В ответ на это Вася схватывает книги и со слезами на глазах стремглав выбегает из класса. Не было его и на следующих уроках — он ушел домой.

* * *

Борису было обидно, что он не успел додумать все до конца. Сначала он тоже, как и Вася Трошкин, не мог понять, что именно нужно Полине Антоновне. Потом, глядя на Васю, бессмысленно перетирающего мел пальцами, он вдруг вспомнил урок истории и то, как он сам так же бессмысленно мычал и мялся, запутавшись в пустяковом вопросе.

«Обобщать-то вы и не умеете!» — вспомнил он слова учительницы. И тогда у него мелькнула догадка: «Тут, может, тоже нужно найти что-то общее… Но что? В чем?.. В доказательстве, что ли? В рассуждении?»

Но перед глазами все время маячил чертеж, сделанный на доске Васей Трошкиным, — треугольник, сильно осевший на правую сторону, и высота с перечеркнутыми у ее основания углами. Борис хотел отвлечься от чертежа, но накренившийся направо треугольник смешил его своею неуклюжестью и мешал сосредоточиться. Борис зажмурился и мысленно стал представлять себе, как бы он стал доказывать эту теорему; ясно понял, что именно требовала от них Полина Антоновна, — и это было открытием! Оставалось додумать, уточнить что-то немногое, последнее, И главное — решиться! Борис, быстро открыв глаза, посмотрел на Полину Антоновну. Но в этот момент Валя Баталин поднял руку, и Полина Антоновна вызвала его.

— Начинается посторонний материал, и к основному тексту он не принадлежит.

(* Let $M$ be a closed $3$-manifold obtained by surgery on a framed oriented ordered link $L=L_1\cup\dots\cup L_m$ in an oriented integral homology $3$-sphere $N$, let $G=H_1(M)/\mathrm{Tors}\,H_1(M)$, let $[[t_i]]\in G$ be represented by the meridian of $L_i$, and let $I_0=\{i\mid[[t_i]]=1\}$. Assume that $I_0$ consists of all $i\in\{1,\dots,m\}$ except a certain $n$. Then the framing number of $L_n$ is $0$ and $lk(L_n,L_i)=0$ for all $i\ne n$. Moreover, for sets $I\subset J\subset I_0$, the group $H(L^{\overline I},L^{\overline I\cap J})$ has rank $1$ if and only if $I=J=I_0$.
   Context: $lk$ is the linking number in $N$; $lk(L_i,L_i)$ denotes the framing number. $\overline I=\{1,\dots,m\}\setminus I$, $L^K=\bigcup_{i\in K}L_i$. For a link $L'$ with components indexed by a set $K$ and a subset $K'\subsetneq K$, $H(L',L'^{K'})$ is the abelian group generated by $t_i$, $i\in K$, subject to the relations $\prod_{j\in K,j\ne i}(t_jt_i^{-1})^{lk(L_i,L_j)}=1$ for $i\in K'$. *)

(* A surgery presentation of M on the framed link L in an
   integral homology sphere N is encoded by its linking matrix
   A : 'M[int]_m, A i j = lk(L_i,L_j) (i <> j), A i i = framing of L_i. *)
From HB Require Import structures.
From mathcomp Require Import all_boot all_order all_algebra.
Set Implicit Arguments. Unset Strict Implicit. Unset Printing Implicit Defensive.
Import Order.TTheory GRing.Theory Num.Theory.
Local Open Scope ring_scope.

(* H_1(M) = Z^m / (row space of A); generator e_i = meridian t_i.
   [[t_i]] = 1 in G = H_1(M)/Tors  iff  some nonzero multiple of e_i is a
   relation. *)
Definition trivial_class (m : nat) (A : 'M[int]_m) (i : 'I_m) : Prop :=
  exists k : int, k != 0 /\
    exists v : 'rV[int]_m, k *: (delta_mx 0 i : 'rV[int]_m) = v *m A.

Definition is_I0 (m : nat) (A : 'M[int]_m) (S : {set 'I_m}) : Prop :=
  forall i, i \in S <-> trivial_class A i.

(* H(L', L'^{K'}) for the sublink L' = L^K: generators t_j (j in K), written
   additively as the vectors e_j supported on K; relation for i in K':
   sum_{j in K, j<>i} lk(L_i,L_j) (e_j - e_i). *)
Definition relvec (m : nat) (A : 'M[int]_m) (K : {set 'I_m}) (i : 'I_m)
  : 'rV[int]_m :=
  \row_j (if (j \in K) && (j != i) then A i j
          else if j == i then - \sum_(k in K | k != i) A i k else 0).

Definition in_rel (m : nat) (A : 'M[int]_m) (K K' : {set 'I_m})
  (v : 'rV[int]_m) : Prop :=
  exists w : 'I_m -> int, v = \sum_(i in K') w i *: relvec A K i.

Definition supported_on (m : nat) (K : {set 'I_m}) (v : 'rV[int]_m) : Prop :=
  forall j, j \notin K -> v 0 j = 0.

Definition indep_mod (m : nat) (A : 'M[int]_m) (K K' : {set 'I_m}) (d : nat)
  (vs : 'I_d -> 'rV[int]_m) : Prop :=
  (forall k, supported_on K (vs k)) /\
  forall c : 'I_d -> int, in_rel A K K' (\sum_k c k *: vs k) ->
    forall k, c k = 0.

Definition H_rank (m : nat) (A : 'M[int]_m) (K K' : {set 'I_m}) (r : nat)
  : Prop :=
  (exists vs : 'I_r -> 'rV[int]_m, indep_mod A K K' vs) /\
  (forall vs : 'I_r.+1 -> 'rV[int]_m, ~ indep_mod A K K' vs).

From HB Require Import structures.
From mathcomp Require Import all_boot all_order all_algebra.
Import Order.TTheory GRing.Theory Num.Theory.
Local Open Scope ring_scope.

(* Every meridian except t_n has finite order in H_1(M), so one multiple k e_i
   of each of them (i <> n) lies in the row lattice of the linking matrix.
   Subtracting these from k times row j leaves k * lk(L_j, L_n) e_n; as t_n
   has infinite order, column n, and by symmetry row n, of the linking matrix
   vanishes.  Every defining relation of H(L^{~I}, L^{~I & J}) has coordinate
   sum 0, and, since n is not in J, also t_n-coordinate 0; hence t_n and t_p
   are independent for any p in I0 \ I, which rules out rank 1 unless
   I = I0.  For I = J = I0 the group is free on the single generator t_n. *)

Lemma sum_coord_delta (R : pzSemiRingType) (m : nat) (x : 'I_m) :
  \sum_j ('e_x : 'rV[R]_m) 0 j = 1.
Proof.
rewrite (bigD1 x) //= mxE !eqxx big1 ?addr0 // => j nj.
by rewrite mxE (negbTE nj) andbF.
Qed.

Lemma sum_coord_lincomb (R : comPzSemiRingType) (I : finType) (P : pred I)
    (m : nat) (c : I -> R) (vs : I -> 'rV[R]_m) :
  \sum_j (\sum_(k | P k) c k *: vs k) 0 j =
  \sum_(k | P k) c k * \sum_j vs k 0 j.
Proof.
under eq_bigr do rewrite summxE.
rewrite exchange_big; apply: eq_bigr => k _.
by rewrite mulr_sumr; apply: eq_bigr => j _; rewrite mxE.
Qed.

Section LinkingMatrix.

Context {m : nat} (A : 'M[int]_m).

Lemma trivial_class_common (S : {set 'I_m}) :
  (forall i, i \in S -> trivial_class A i) ->
  exists2 k : int, k != 0 &
    exists w : 'I_m -> 'rV[int]_m, forall i, i \in S -> k *: 'e_i = w i *m A.
Proof.
rewrite -[S]set_enum; elim: (enum S) => [|x s IH] trivS.
  by exists 1 => //; exists (fun=> 0) => i; rewrite inE.
have [|k nz_k [w Hw]] := IH.
  by move=> i si; apply: trivS; rewrite !inE in si *; rewrite si orbT.
have [|kx [nz_kx [v Hv]]] := trivS x; first by rewrite !inE eqxx.
exists (k * kx); first by rewrite mulf_neq0.
exists (fun i => if i == x then k *: v else kx *: w i) => i.
rewrite !inE; case: eqP => [-> _ | _ /= si].
  by rewrite -scalerA Hv scalemxAl.
by rewrite mulrC -scalerA Hw ?inE // scalemxAl.
Qed.

Lemma col_eq0_of_nontrivial_class (n j : 'I_m) :
  (forall i, i != n -> trivial_class A i) -> ~ trivial_class A n -> A j n = 0.
Proof.
move=> trivA ntriv_n; apply/eqP/negPn/negP => nz_jn; apply: ntriv_n.
have [|k nz_k [w Hw]] := @trivial_class_common [set~ n].
  by move=> i; rewrite !inE; apply: trivA.
have row_j : 'e_j *m A =
    A j n *: 'e_n + \sum_(l | l != n) A j l *: 'e_l :> 'rV_m.
  rewrite -rowE {1}[row j A]row_sum_delta (bigD1 n) //=.
  by congr (_ + _); [|apply: eq_bigr => l _]; rewrite mxE.
have sum_w : (\sum_(l | l != n) A j l *: w l) *m A =
              k *: \sum_(l | l != n) A j l *: 'e_l.
  rewrite mulmx_suml scaler_sumr; apply: eq_bigr => l nl.
  by rewrite -scalemxAl -Hw ?inE // scalerA mulrC -scalerA.
exists (k * A j n); split; first by rewrite mulf_neq0.
exists (k *: 'e_j - \sum_(l | l != n) A j l *: w l).
by rewrite mulmxBl sum_w -scalemxAl row_j scalerDr addrK scalerA.
Qed.

Lemma relvec_sum_eq0 (K : {set 'I_m}) (i : 'I_m) :
  \sum_j relvec A K i 0 j = 0.
Proof.
under eq_bigr do rewrite mxE.
rewrite (bigD1 i) //= eqxx andbF.
pose F j := if j \in K then A i j else 0.
rewrite [X in _ + X](eq_bigr F) => [|j nj]; last by rewrite nj andbT (negbTE nj).
by rewrite -big_mkcondr; under eq_bigl do rewrite andbC; apply: addNr.
Qed.

Lemma relvec_coord (K : {set 'I_m}) (i j : 'I_m) :
  j != i -> relvec A K i 0 j = if j \in K then A i j else 0.
Proof. by move=> ji; rewrite mxE ji andbT (negbTE ji). Qed.

Lemma in_rel_sum_eq0 {K K' : {set 'I_m}} {v : 'rV[int]_m} :
  in_rel A K K' v -> \sum_j v 0 j = 0.
Proof.
case=> w ->; rewrite sum_coord_lincomb big1 // => i _.
by rewrite relvec_sum_eq0 mulr0.
Qed.

Lemma in_rel_coord_eq0 {K K' : {set 'I_m}} {j : 'I_m} {v : 'rV[int]_m} :
  j \notin K' -> (forall i, i \in K' -> A i j = 0) ->
  in_rel A K K' v -> v 0 j = 0.
Proof.
move=> jK' Aj0 [w ->]; rewrite summxE big1 // => i iK'.
have ji : j != i by apply: contraNneq jK' => ->.
by rewrite mxE relvec_coord // Aj0 // if_same mulr0.
Qed.

Lemma in_rel_set0 (K : {set 'I_m}) (v : 'rV[int]_m) :
  in_rel A K set0 v <-> v = 0.
Proof.
split=> [[w ->] | ->]; first by rewrite big_set0.
by exists (fun=> 0); rewrite big_set0.
Qed.

Lemma supported_on_set1 (n : 'I_m) (v : 'rV[int]_m) :
  supported_on [set n] v -> v = v 0 n *: 'e_n.
Proof.
move=> supp_v; apply/rowP => j; rewrite !mxE eqxx /=.
by case: eqVneq => [-> | jn]; rewrite ?mulr1 // mulr0 supp_v // inE.
Qed.

Lemma H_rank_set1 (n : 'I_m) : H_rank A [set n] set0 1.
Proof.
split.
  exists (fun=> 'e_n); split.
    by move=> _ j; rewrite inE mxE => /negbTE ->; rewrite andbF.
  move=> c /in_rel_set0; rewrite big_ord1 => /rowP /(_ n).
  by rewrite !mxE !eqxx mulr1 => c0 k; rewrite ord1.
move=> vs [supp indep].
pose a k := vs k 0 n.
have rel_comb c :
    \sum_k c k * a k = 0 -> in_rel A [set n] set0 (\sum_k c k *: vs k).
  move=> sum0; apply/in_rel_set0.
  under eq_bigr do rewrite (supported_on_set1 _ _ (supp _)) scalerA.
  by rewrite -scaler_suml sum0 scale0r.
(* [a 1 * vs 0 - a 0 * vs 1] vanishes, so independence kills both [a]s. *)
pose c (k : 'I_2) := if k == ord0 then a (lift ord0 ord0) else - a ord0.
have a0 k : a k = 0.
  have /indep c0 : in_rel A [set n] set0 (\sum_k c k *: vs k).
    by apply: rel_comb; rewrite big_ord_recl big_ord1 /c /= mulNr mulrC addrN.
  have := c0 (lift ord0 ord0); rewrite /c /= => /eqP.
  rewrite oppr_eq0 => /eqP a00.
  have := c0 ord0; rewrite /c /= => a10.
  by case: (unliftP ord0 k) => [j -> | ->]; rewrite ?[j]ord1.
have /indep/(_ ord0)/eqP : in_rel A [set n] set0 (\sum_k 1 *: vs k).
  by apply: rel_comb; rewrite big1 // => k _; rewrite a0 mulr0.
by rewrite oner_eq0.
Qed.

Lemma indep_mod_delta2 {K K' : {set 'I_m}} {n p : 'I_m} :
  n \in K -> p \in K -> p != n -> n \notin K' ->
  (forall i, i \in K' -> A i n = 0) ->
  indep_mod A K K' (fun k : 'I_2 => 'e_(if k == ord0 then n else p)).
Proof.
move=> nK pK pn nK' An0; split.
  move=> k j jK; rewrite mxE eqxx /=; case: eqVneq => [jx | _] //.
  by move: jK; rewrite jx; case: ifP; rewrite ?nK ?pK.
move=> c rel_c.
have := in_rel_sum_eq0 rel_c; have := in_rel_coord_eq0 nK' An0 rel_c.
rewrite sum_coord_lincomb summxE !big_ord_recl !big_ord0 /= !sum_coord_delta.
rewrite !mxE !eqxx eq_sym (negbTE pn) mulr1 mulr0 !addr0 => c0.
rewrite c0 mulr1 add0r => c1 k.
by case: (unliftP ord0 k) => [j -> | ->]; rewrite ?[j]ord1.
Qed.

End LinkingMatrix.

Theorem lemma10p3 (m : nat) (A : 'M[int]_m) (n : 'I_m) (I0 : {set 'I_m})
  (Asym : A^T = A)
  (hI0 : is_I0 A I0) (hI0n : I0 = [set~ n]) :
  A n n = 0 /\ (forall i : 'I_m, i != n -> A n i = 0) /\
  (forall I J : {set 'I_m}, I \subset J -> J \subset I0 ->
     (H_rank A (~: I) (~: I :&: J) 1 <-> (I = I0 /\ J = I0))).
Proof.
have ntriv_n : ~ trivial_class A n by move/hI0; rewrite hI0n !inE eqxx.
have triv i : i != n -> trivial_class A i.
  by move=> ni; apply/hI0; rewrite hI0n !inE.
have col_n j : A j n = 0 := col_eq0_of_nontrivial_class A n j triv ntriv_n.
have row_n i : A n i = 0 by rewrite -Asym mxE col_n.
split; first exact: row_n.
split=> [i _ | I J IJ JI0]; first exact: row_n.
have II0 : I \subset I0 := subset_trans IJ JI0.
split; last by case=> -> ->; rewrite hI0n setCK setICr; apply: H_rank_set1.
case=> _ no_indep2.
suff EI : I = I0 by split=> //; apply/eqP; rewrite eqEsubset JI0 -EI IJ.
apply/eqP; rewrite eqEsubset II0.
apply/subsetP => p pI0; apply/negPn/negP => pI.
have nI0 : n \notin I0 by rewrite hI0n !inE eqxx.
have nI : n \in ~: I by rewrite inE (contra (subsetP II0 n) nI0).
have nIJ : n \notin ~: I :&: J.
  by rewrite inE negb_and (contra (subsetP JI0 n) nI0) orbT.
have pn : p != n by move: pI0; rewrite hI0n !inE.
apply: no_indep2 _ (indep_mod_delta2 A nI _ pn nIJ (fun i _ => col_n i)).
by rewrite inE.
Qed.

Слушая Валю, Борис видел, что тот говорит примерно то же самое, что хотел оказать он. Это было обидно, хотя и радовало: значит, он тоже мог бы получить пятерку, а главное — значит и он начинает понимать не хуже Академика.

Но потом он убедился, что это не совсем так, что до Вали ему еще далеко.

Полина Антоновна вызвала Бориса к доске, и он стал решать сделанную дома задачу. Задача у него вышла, и он писал ее решение спокойно и уверенно.

А когда он кончил, вдруг поднимает руку опять Валя Баталин.

— А я по-другому решал эту задачу!

— Это интересно! — живо отзывается Полина Антоновна. — Прошу к доске!

— Вот и дурак! Сам напросился! — слышит Валя ворчанье Саши Прудкина, но раз напросился, ничего не поделаешь: он идет к доске и на второй ее половине пишет свое решение.

Ребята заинтересовались, притихли, да и Борис, следя за куском мела, выстукивающим торопливые цифры, видел, что решение получается действительно другое.

— Ничего не разберешь! — слышится сзади.

— В самом деле, пишите яснее! — говорят Полина Антоновна.

Валя старается писать крупнее, разборчивее, но такой уж у него почерк бисерный. Он снова начинает волноваться, спешит, и цифры опять получаются все мельче и мельче.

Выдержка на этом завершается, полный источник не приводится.